My eyes have only recently been opened in the past few years to the power and effectiveness of co-assessing with my colleagues. Co-assessing is the intersection between co-planning and co-teaching. During co-planning, we need to prioritize co-assessing so that it informs what and how we co-teach. My favorite phrase when co-planning the next unit is:

What do we want students to learn and do by the end of the next unit?

Co-reflecting

Similar to how teachers often ask students to reflect on their work, collaborative colleagues also need to engage in ongoing reflection about their work.
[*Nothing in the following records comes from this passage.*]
Lemma L_def k : L k = N%:R * (k%:R + alpha).
Proof. by rewrite -linL /lin intrD intrM /= /alpha; field; rewrite N_neq0. Qed.

Lemma L_gt0 k : 0 < L k.
Proof. by rewrite L_def mulr_gt0 ?N_gt0 // ltr_wpDl ?alpha_gt0. Qed.

Lemma L_neq0 k : L k != 0.
Proof. by rewrite gt_eqF ?L_gt0. Qed.

Lemma L_exp_neq0 k e : L k ^+ e != 0.
Proof. by rewrite expf_neq0 ?L_neq0. Qed.

Lemma L_add_neq0 j k : L j + L k != 0.
Proof. by rewrite gt_eqF ?addr_gt0 ?L_gt0. Qed.

Lemma ltr_L j k : (k < j)%N -> L k < L j.
Proof. by move=> kj; rewrite !L_def ltr_pM2l ?N_gt0 // ltrD2r ltr_nat. Qed.

Lemma L_sub_neq0 j k : (k < j)%N -> L j - L k != 0.
Proof. by move=> kj; rewrite subr_eq0 gt_eqF ?ltr_L. Qed.

Lemma alpha_addn k : alpha + k%:R = L k / N%:R.
Proof. by rewrite L_def; field; rewrite N_neq0. Qed.

Lemma two_alpha_addn j k : 2 * alpha + (j + k)%:R = (L j + L k) / N%:R.
Proof. by rewrite !L_def natrD; field; rewrite N_neq0. Qed.

Lemma natrB_L j k : (k <= j)%N -> (j - k)%:R = (L j - L k) / N%:R.
Proof. by move=> kj; rewrite !L_def natrB //; field; rewrite N_neq0. Qed.

Lemma two_alpha_gt0 : 0 < 2 * alpha.
Proof. exact: mulr_gt0 (ltr0Sn _ 1) alpha_gt0. Qed.

Lemma poch_two_alpha_neq0 m : poch (2 * alpha) m != 0.
Proof. by rewrite gt_eqF ?poch_gt0 ?two_alpha_gt0. Qed.

Lemma natr_fact_neq0 m : m`!%:R != 0 :> R.
Proof. by rewrite pnatr_eq0 -lt0n fact_gt0. Qed.

Definition weight (n k : nat) : R :=
  if (k <= n)%N then
    N%:R * poch alpha n.+1 ^+ 2 / ((n - k)`!%:R * poch (2 * alpha) (n + k).+1)
  else 0.

Lemma weight_eq0 n k : (n < k)%N -> weight n k = 0.
Proof. by move=> nk; rewrite /weight leqNgt nk. Qed.

Lemma weightSn n k : (k <= n)%N ->
  weight n.+1 k = weight n k * L n.+1 ^+ 2 / ((L n.+1 - L k) * (L n.+1 + L k)).
Proof.
move=> kn; rewrite /weight kn (leqW kn) /= subSn // factS natrM -subSn //.
rewrite (pochS alpha n.+1) addSn (pochS (2 * alpha) (n + k).+1) -addSn.
rewrite two_alpha_addn alpha_addn (natrB_L _ _ (leqW kn)).
by field; rewrite ?N_neq0 ?L_add_neq0 ?(L_sub_neq0 n.+1 k kn) ?poch_two_alpha_neq0
  ?natr_fact_neq0.
Qed.

Lemma weightSk m j : (j < m)%N ->
  weight m j.+1 = weight m j * (L m - L j) / (L m + L j.+1).
Proof.
move=> jm; rewrite /weight jm (ltnW jm) /= -(subnSK jm) factS natrM subnSK //.
rewrite addnS (pochS (2 * alpha) (m + j).+1) -addnS two_alpha_addn.
rewrite (natrB_L _ _ (ltnW jm)).
by field; rewrite ?N_neq0 ?L_add_neq0 ?(L_sub_neq0 m j jm) ?poch_two_alpha_neq0
  ?natr_fact_neq0.
Qed.

Lemma sum_weight_div_sqr n k :
  \sum_(m < n.+1) weight m k / L m ^+ 2 = weight n k / L k ^+ 2.
Proof.
elim: n => [|n IH].
  by rewrite big_ord1; case: k => [|k] //; rewrite weight_eq0 ?mul0r.
rewrite big_ord_recr /= IH; case: (ltngtP k n.+1) => [kn|nk|->].
- rewrite weightSn //.
  by field; rewrite ?L_neq0 ?L_add_neq0 ?(L_sub_neq0 n.+1 k kn).
- by rewrite (weight_eq0 _ _ (ltnW nk)) (weight_eq0 _ _ nk) !mul0r addr0.
- by rewrite weight_eq0 // mul0r add0r.
Qed.

Lemma sum_weight_by_parts n (g : nat -> R) :
  \sum_(j < n.+1) weight n j * g j =
  \sum_(m < n.+1) (L m ^+ 2)^-1 * \sum_(j < m.+1) weight m j * (L j ^+ 2 * g j).
Proof.
transitivity (\sum_(m < n.+1) \sum_(j < n.+1)
    (L m ^+ 2)^-1 * (weight m j * (L j ^+ 2 * g j))); last first.
  apply: eq_bigr => [[m mn]] _ /=; rewrite big_distrr /=; symmetry.
  apply: (@sum_ord_widen _ m n (fun j => (L m ^+ 2)^-1 * (weight m j * (L j ^+ 2 * g j))))
    => [|j mj]; first by rewrite -ltnS.
  by rewrite weight_eq0 // !mul0r mulr0.
rewrite exchange_big /=; apply: eq_bigr => j _.
transitivity ((\sum_(m < n.+1) weight m j / L m ^+ 2) * (L j ^+ 2 * g j)).
  by rewrite sum_weight_div_sqr; field; rewrite ?L_neq0 ?L_exp_neq0.
by rewrite big_distrl; apply: eq_bigr => m _ /=; ring.
Qed.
The goal of co-reflecting is to improve instruction.

Some topics of co-reflecting include:

• the effectiveness of strategies
• the accessibility of the materials
• the successes and challenges observed
• how effectively the content information was chunked
• students’ ability to independently transfer skills based on the lesson
• how cognitively appropriate the sequencing of content-specific information was

Co-reflecting allows us to regroup and modify instruction to meet students’ needs. My favorite phrase to get my colleague to informally co-reflect with me is What did you notice about… (e.g., What did you notice about the helpfulness of the graphic organizer we created for students?). This framework invites my colleague to engage in the conversation from observation, not feelings. I often use it after having co-taught a lesson and while students are working on the assignment. I also often start off our co-planning sessions with this question to get us thinking.

The collaborative cycle builds relationships


My collaborative relationships changed from night to day once I learned about the collaborative instructional cycle. Just like we talk about students using their entire linguistic repertoire, we can fully use all the components of the collaborative instructional cycle when working with colleagues on behalf of language learners. From my perspective, the full use of the cycle has evolved my work with teachers to be more robust and dynamic.

Language specialists often lament that they feel like educational aides despite their expertise. When we fully use the collaborative instructional cycle, we become the empowered, equal, effective designers of instruction we are meant to be.

What component of the collaborative instructional cycle are you most competent in, and which ones will you engage in more?


References

Gottlieb, M. & Ernst-Slavit, G. (2014). Academic language in diverse classrooms: Definitions and contexts. Corwin.

Honigsfeld, A. & Dove, M. G. (2019). Collaborating for English learners: A foundational guide to integrated practices. Corwin.